## WHAT NEEDS TO BE DONE
Taking the line with "have [g gE] := Pfun chord_B." as the first and the line with "exists U; split." as the last, set down exactly every line in that range from the entries below, and no more.

## RECORDS PROVIDED
(* Write e1 = eta'(a0) and e2 = eta'(2 a0); since 2 a0 > r1, e2 <= 0.  At the
   uniform state the Jacobian of the force map is strictly diagonally dominant:
   an atomistic row has diagonal entry e1 + 2 e2 and off-diagonal mass 6 |e2|,
   a continuum row is diagonal with entry e1 + 4 e2, and e1 + 8 e2 > 0 is exactly
   dominance of the atomistic rows.  By continuity of eta'' the linearisation
   errors of eta near a0 and 2 a0 are as small as we like, so on a small max-norm
   ball the chord map x |-> x - L^-1 (Psi x - y), L the Jacobian diagonal, is a
   contraction; the Banach fixed-point theorem gives injectivity and an open
   image. *)

Set Warnings "-notation-overridden,-ambiguous-paths,-notation-incompatible-prefix,-redundant-canonical-projection".
From HB Require Import structures.
From mathcomp Require Import all_boot all_order all_algebra.
From mathcomp Require Import all_classical all_reals all_analysis.
From mathcomp Require Import ring lra.
Import Order.TTheory GRing.Theory Num.Theory.
Import numFieldNormedType.Exports.
Local Open Scope classical_set_scope.
Local Open Scope ring_scope.

(* The library makes matrices complete and normed separately but does not declare
   the joint structure that [banach_fixed_point] needs. *)
HB.instance Definition _ (R : realType) (m n : nat) := Complete.on 'M[R]_(m, n).

Section RowVectorNorm.
Context {R : realType} {n : nat}.
Implicit Types (x : 'rV[R]_n) (c : R).

Lemma rV_entry_norm_le x i : `|x 0 i| <= `|x|.
Proof.
rewrite [leRHS]/Num.Def.normr /= mx_normrE; apply/bigmax_geP; right => /=.
by exists (0, i).
Qed.

Lemma rV_norm_le x c : 0 <= c -> (forall i, `|x 0 i| <= c) -> `|x| <= c.
Proof.
move=> c_ge0 xc; rewrite [leLHS]/Num.Def.normr /= mx_normrE.
by apply: bigmax_le => // -[i j] _ /=; rewrite (ord1 i).
Qed.

End RowVectorNorm.

Section NearDiagonalInverse.
Context {R : realType} {n : nat} {F : 'rV[R]_n -> 'rV[R]_n} {a : 'rV[R]_n}.
Context {lam : 'I_n -> R} {lmin lmax d q : R}.
Hypotheses (d_gt0 : 0 < d) (q_ge0 : 0 <= q) (q_lt1 : q < 1).
Hypotheses (lmin_gt0 : 0 < lmin) (lmin_le_lmax : lmin <= lmax).
Hypothesis lam_bounds : forall i, lmin <= lam i <= lmax.
Hypothesis F_near_diag : forall {x y}, `|x - a| <= d -> `|y - a| <= d ->
  forall i, `|lam i * (x 0 i - y 0 i) - (F x 0 i - F y 0 i)| <= q * lam i * `|x - y|.

Let lam_gt0 i : 0 < lam i.
Proof. by case/andP: (lam_bounds i) => lo _; apply: lt_le_trans lo. Qed.

Let lmax_gt0 : 0 < lmax.
Proof. exact: lt_le_trans lmin_gt0 lmin_le_lmax. Qed.

Let ball_le {z} : ball a d z -> `|z - a| <= d.
Proof. by rewrite -ball_normE /= distrC => /ltW. Qed.

Lemma near_diag_lipschitz {x y} : `|x - a| <= d -> `|y - a| <= d ->
  `|F x - F y| <= (1 + q) * lmax * `|x - y|.
Proof.
move=> xa ya; apply: rV_norm_le => [|i].
  by rewrite !mulr_ge0 ?addr_ge0 // ltW.
have := F_near_diag xa ya i; have := rV_entry_norm_le (x - y) i; rewrite !mxE.
set u := x 0 i - y 0 i; set w := F x 0 i - F y 0 i => u_le near_w.
have [_ lam_le] := andP (lam_bounds i).
have lam_u : `|lam i * u| <= lam i * `|x - y|.
  by rewrite normrM gtr0_norm // ler_wpM2l // ltW.
have w_le : `|w| <= `|lam i * u| + `|lam i * u - w|.
  by apply: le_trans (ler_normB _ _); rewrite opprB addrC subrK.
have : 0 <= (lmax - lam i) * ((1 + q) * `|x - y|).
  by rewrite mulr_ge0 ?subr_ge0 ?mulr_ge0 ?addr_ge0.
lra.
Qed.

Lemma near_diag_continuous x : ball a d x -> {for x, continuous F}.
Proof.
move=> xa; apply/(@cvgrPdist_le _ _ _ (nbhs x) (nbhs_filter x)) => e e_gt0.
have L_gt0 : 0 < (1 + q) * lmax by rewrite mulr_gt0 ?ltr_pwDl.
have x_ball : \forall z \near x, ball a d z.
  by apply: open_nbhs_nbhs; split => //; exact: ball_open.
near=> z; have za : ball a d z by near: z.
apply: le_trans (near_diag_lipschitz (ball_le xa) (ball_le za)) _.
rewrite -ler_pdivlMl //; near: z; apply: cvgr_dist_le => //.
by rewrite mulr_gt0 ?invr_gt0.
Unshelve. all: by end_near. Qed.

Lemma near_diag_step {x y} : `|x - a| <= d -> `|y - a| <= d -> forall i,
  `|(x 0 i - y 0 i) - (F x 0 i - F y 0 i) / lam i| <= q * `|x - y|.
Proof.
move=> xa ya i; have lam0 := lam_gt0 i.
rewrite -(ler_pM2l lam0) -{1}(gtr0_norm lam0) -normrM mulrBr mulrCA divff ?gt_eqF //.
by rewrite mulr1 mulrA [lam i * q]mulrC F_near_diag.
Qed.

Lemma near_diag_inj x y : `|x - a| <= d -> `|y - a| <= d -> F x = F y -> x = y.
Proof.
move=> xa ya Fxy; apply/eqP; rewrite -subr_eq0 -normr_eq0 eq_le normr_ge0 andbT.
have : `|x - y| <= q * `|x - y|.
  apply: rV_norm_le => [|i]; first by rewrite mulr_ge0.
  by have := near_diag_step xa ya i; rewrite Fxy subrr mul0r subr0 !mxE.
have := normr_ge0 (x - y); move: q_lt1; nra.
Qed.

Definition chord_step (y x : 'rV[R]_n) : 'rV[R]_n :=
  x - \row_i ((F x 0 i - y 0 i) / lam i).

Lemma chord_step_diff y u v i : (chord_step y u - chord_step y v) 0 i =
  (u 0 i - v 0 i) - (F u 0 i - F v 0 i) / lam i.
Proof. by rewrite !mxE; field; rewrite gt_eqF. Qed.

Lemma chord_step_fixed y x : chord_step y x = x -> F x = y.
Proof.
move=> fix_x; apply/rowP => i; have := congr1 (fun M : 'rV[R]_n => M 0 i) fix_x.
rewrite /chord_step !mxE => /eqP.
rewrite -subr_eq0 addrAC subrr add0r oppr_eq0 mulf_eq0 invr_eq0.
by rewrite (gt_eqF (lam_gt0 i)) orbF subr_eq0 => /eqP.
Qed.

Let eps := (1 - q) * lmin * d / 2.

Lemma chord_step_maps_ball y x : `|F a - y| < eps ->
  `|x - a| <= d / 2 -> `|chord_step y x - a| <= d / 2.
Proof.
move=> Fay xa; have half_le : d / 2 <= d by move: d_gt0; lra.
apply: rV_norm_le => [|i]; first by move: d_gt0; lra.
have lam0 := lam_gt0 i; have [lo _] := andP (lam_bounds i).
have -> : (chord_step y x - a) 0 i =
    (chord_step y x - chord_step y a) 0 i - (F a 0 i - y 0 i) / lam i.
  by rewrite !mxE; field; rewrite gt_eqF.
rewrite chord_step_diff; apply: le_trans (ler_normB _ _) _.
have a_near : `|a - a| <= d by rewrite subrr normr0 ltW.
have step := near_diag_step (le_trans xa half_le) a_near i.
have qx : q * `|x - a| <= q * (d / 2) by rewrite ler_wpM2l.
have Fa_i : `|(F a 0 i - y 0 i) / lam i| <= (1 - q) * (d / 2).
  rewrite normrM normfV (gtr0_norm lam0) ler_pdivrMr //.
  have := rV_entry_norm_le (F a - y) i; rewrite !mxE => Fa_le.
  have : 0 <= (1 - q) * (d / 2) * (lam i - lmin).
    by rewrite !mulr_ge0 ?subr_ge0 // ?ltW //; move: q_lt1 d_gt0; lra.
  move: Fay; rewrite /eps; lra.
lra.
Qed.

Lemma near_diag_image_ball y : `|F a - y| < eps ->
  exists2 x, `|x - a| <= d / 2 & F x = y.
Proof.
move=> Fay; pose B := closed_ball_ Num.Def.normr a (d / 2).
have B_half x : B x -> `|x - a| <= d / 2 by rewrite /B /closed_ball_ /= distrC.
have B_le x : B x -> `|x - a| <= d.
  by move/B_half/le_trans; apply; move: d_gt0; lra.
have Ba : B a by rewrite /B /closed_ball_ /= subrr normr0; move: d_gt0; lra.
have chord_B : {homo chord_step y : x / B x >-> B x}.
  move=> x /B_half xa; rewrite /B /closed_ball_ /= distrC.
  exact: chord_step_maps_ball.
have [g gE] := Pfun chord_B.
have g_contraction : is_contraction g.
  exists (NngNum q_ge0); split => //= -[u v] [/= Bu Bv]; rewrite -!gE.
  apply: rV_norm_le => [|i]; first by rewrite mulr_ge0.
  by rewrite chord_step_diff near_diag_step ?B_le.
have B_closed : closed B by apply: closed_closed_ball_.
have [p Bp pE] := banach_fixed_point g_contraction B_closed (ex_intro _ a Ba).
by exists p; [exact: B_half | apply: chord_step_fixed; rewrite gE].
Qed.

Lemma near_diag_local_bijection : exists U : set 'rV[R]_n,
  [/\ open U, U a, U `<=` ball a d,
      (forall x y, U x -> U y -> F x = F y -> x = y) & open (F @` U)].
Proof.
have eps_gt0 : 0 < eps by rewrite /eps !mulr_gt0 //; move: q_lt1; lra.
pose U := ball a d `&` F @^-1` ball (F a) eps.
exists U; split.
- have ball_ad_open : open (ball a d) by exact: ball_open.
  have [cont_open _] := continuous_inP F ball_ad_open.
  apply: cont_open; last exact: ball_open.
  by move=> x; rewrite inE; apply: near_diag_continuous.
- by split; apply: ballxx.
- by move=> x [].
- by move=> x y [/ball_le xa _] [/ball_le ya _]; apply: near_diag_inj.
suff -> : F @` U = ball (F a) eps by apply: ball_open.
apply/seteqP; split => [_ [x [_ Fx] <-] // | y Fay].
have := Fay; rewrite -ball_normE /= => /near_diag_image_ball [x xa Fxy].
have x_ball : ball a d x.
  by rewrite -ball_normE /= distrC; apply: le_lt_trans xa _; move: d_gt0; lra.
by exists x => //; split; rewrite //= Fxy.
Qed.

End NearDiagonalInverse.

Lemma derive1_linearization {R : realType} {f : R -> R} {c k : R} : 0 < k ->
  (\forall t \near c, derivable f t 1) -> {for c, continuous (derive1 f)} ->
  exists2 r, 0 < r & forall u v, `|u - c| <= r -> `|v - c| <= r ->
    `|f u - f v - derive1 f c * (u - v)| <= k * `|u - v|.
Proof.
move=> k_gt0 f_der f'_cont.
have : \forall t \near c, derivable f t 1 /\ `|derive1 f c - derive1 f t| < k.
  by near=> t; split; near: t; [exact: f_der | exact: cvgr_dist_lt].
case/nbhs_ballP => r /= r_gt0 near_c.
exists (r / 2) => [|u v]; first by rewrite divr_gt0.
wlog uv : u v / u <= v => [wlog_uv uc vc|].
  have [uv|vu] := leP u v; first exact: wlog_uv.
  have -> : f u - f v - derive1 f c * (u - v) = - (f v - f u - derive1 f c * (v - u)).
    by ring.
  by rewrite normrN [`|u - v|]distrC; apply: wlog_uv => //; apply: ltW.
move=> uc vc.
have seg_near t : t \in `[u, v] -> derivable f t 1 /\ `|derive1 f c - derive1 f t| < k.
  rewrite in_itv /= => /andP[ut tv]; apply: near_c; rewrite -ball_normE /=.
  move: uc vc; rewrite ltr_norml !ler_norml => /andP[? ?] /andP[? ?].
  by apply/andP; split; lra.
have [xi xi_uv MVT] : exists2 xi, xi \in `[u, v] & f v - f u = derive1 f xi * (v - u).
  apply: MVT_segment => // [t /subset_itv_oo_cc t_uv|].
    by rewrite derive1E; apply/derivableP; case: (seg_near t t_uv).
  by apply: derivable_within_continuous => t /seg_near[].
have -> : f u - f v - derive1 f c * (u - v) = (derive1 f c - derive1 f xi) * (v - u).
  by rewrite mulrBl -MVT; ring.
rewrite normrM [`|v - u|]distrC ler_wpM2r // ltW //.
by case: (seg_near xi xi_uv).
Unshelve. all: by end_near. Qed.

## WORKED SOLUTION
have [g gE] := Pfun chord_B.
have g_contraction : is_contraction g.
  exists (NngNum q_ge0); split => //= -[u v] [/= Bu Bv]; rewrite -!gE.
  apply: rV_norm_le => [|i]; first by rewrite mulr_ge0.
  by rewrite chord_step_diff near_diag_step ?B_le.
have B_closed : closed B by apply: closed_closed_ball_.
have [p Bp pE] := banach_fixed_point g_contraction B_closed (ex_intro _ a Ba).
by exists p; [exact: B_half | apply: chord_step_fixed; rewrite gE].
Qed.

Lemma near_diag_local_bijection : exists U : set 'rV[R]_n,
  [/\ open U, U a, U `<=` ball a d,
      (forall x y, U x -> U y -> F x = F y -> x = y) & open (F @` U)].
Proof.
have eps_gt0 : 0 < eps by rewrite /eps !mulr_gt0 //; move: q_lt1; lra.
pose U := ball a d `&` F @^-1` ball (F a) eps.
exists U; split.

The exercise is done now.